You now have a user setup with permissions to access the S3 API. Back on your server you need to input your new access key into s3cmd. To begin configuration type:
s3cmd --configure
You should now see this page and be able to enter your Access Key Id and Secret Key.
Enter new values or accept defaults in brackets with Enter. Refer to user manual for detailed description of all options. Access key and Secret key are your identifiers for Amazon S3 Access Key: xxxxxxxxxxxxxxxxxxxxxx Secret Key: xxxxxxxxxxxxxxxxxxxxxxxxxxxxxxxxxxxx Encryption password is used to protect your files from reading by unauthorized persons while in transfer to S3 Encryption password: xxxxxxxxxx Path to GPG program [/usr/bin/gpg]: When using secure HTTPS protocol all communication with Amazon S3 servers is protected from 3rd party eavesdropping. This method is slower than plain HTTP and can't be used if you're behind a proxy Use HTTPS protocol [No]: Yes New settings: Access Key: xxxxxxxxxxxxxxxxxxxxxx Secret Key: xxxxxxxxxxxxxxxxxxxxxxxxxxxxxxxxxxxx Encryption password: xxxxxxxxxx Path to GPG program: /usr/bin/gpg Use HTTPS protocol: True HTTP Proxy server name: HTTP Proxy server port: 0 Test access with supplied credentials? [Y/n] Y Please wait, attempting to list all buckets... Success. Your access key and secret key worked fine :-) Now verifying that encryption works... Success. Encryption and decryption worked fine :-) Save settings? [y/N] y Configuration saved to '/root/.s3cfg'
At this point s3cmd is fully configured and ready to push data to S3. The final step is to create your own S3 bucket. This bucket will serve as the storage location for our filesystem.
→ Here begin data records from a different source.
Theorem lemma5 (l k : nat) (hl : (1 <= l)%nat) (hk : (1 <= k)%nat)
  (f h : pt -> C) (u v : vfield)
  (hf : in_Y l f) (hh : in_Y k h)
  (hu : is_sgrad u f) (hv : is_sgrad v h)
  (Buv Bvu : vfield) (hB1 : is_B u v Buv) (hB2 : is_B v u Bvu) :
  forall t p : R,
    vscale (RtoC (INR k * (INR k + 1))) (Buv (sph t p)) =
    vscale (RtoC (- (INR l * (INR l + 1)))) (Bvu (sph t p)).
Proof.
  set (lam := INR l * (INR l + 1)); set (mu := INR k * (INR k + 1)).
  destruct hB1 as [SB1 EB1], hB2 as [SB2 EB2].
  set (D := vlin mu lam Buv Bvu).
  assert (SD : in_SVect D) by (apply in_SVect_vlin; assumption).
  assert (SW : in_SVect (vconj D)) by (apply in_SVect_vconj, SD).
  assert (HD : ip (comps D) (comps (vconj D)) = RtoC 0).
  { unfold D; rewrite ip_vlin_l, EB1, EB2 by (apply SB1 || apply SB2 || apply SW).
    apply (ip_bracket_eigen l k f h u v); assumption. }
  intros t p; apply vscale_of_vlin_eq0.
  apply (vfield_eq0_of_ip_vconj D); [apply SD | apply SD | exact HD].
Qed.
Setting up your first S3 bucket
Navigate to the AWS S3 service and create a new bucket. You can give the bucket any name you want and pick the region for the data to be stored. This bucket name will be used in the s3cmd command.
Each file pushed to S3 is given a storage category of standard or reduced redundancy storage. This is configurable when syncing files. For the purpose of this tutorial all files will be stored in reduced redundancy storage.
Standard vs Reduced Redundancy Storage
The primary difference between the two options is durability; or how quickly do you need access to your data. Standard storage gives you nearly instant access to your data, where as reduced redundancy storage (RRS) may take up to several hours to retrieve the file(s). For the use case of this tutorial all files are storage in RRS. As noted previous RRS is considerably cheaper than standard storage.
Configuring a simple cronjob
To enter the cronjob editor simply type
crontab -e
Once in the editor create the cronjob below which will run Monday – Friday at 3:30 a.m. every morning.
30 3 * * 1-5 /usr/bin/s3cmd sync -rv --config /root/.s3cfg --delete-removed --reduced-redundancy put /PATH/TO/FILESYSTEM/LOCATION/ s3://MYBUCKET/ >/dev/null 2>&1
This cronjob calls the s3cmd sync command and loads the default configuration which you have entered above. The –delete-removed option tells s3cmd to scan for locally deleted files, then remove them from the remove S3 bucket as well. The –reduced-redundancy option places all files in RRS for cost savings. Any folder location can be synced, just change the path to your desired location. Make sure to change mybucket to the name of your S3 bucket.
The server has now been configured to do nightly backups of the filesystem to AWS S3 using s3cmd library. Enjoy!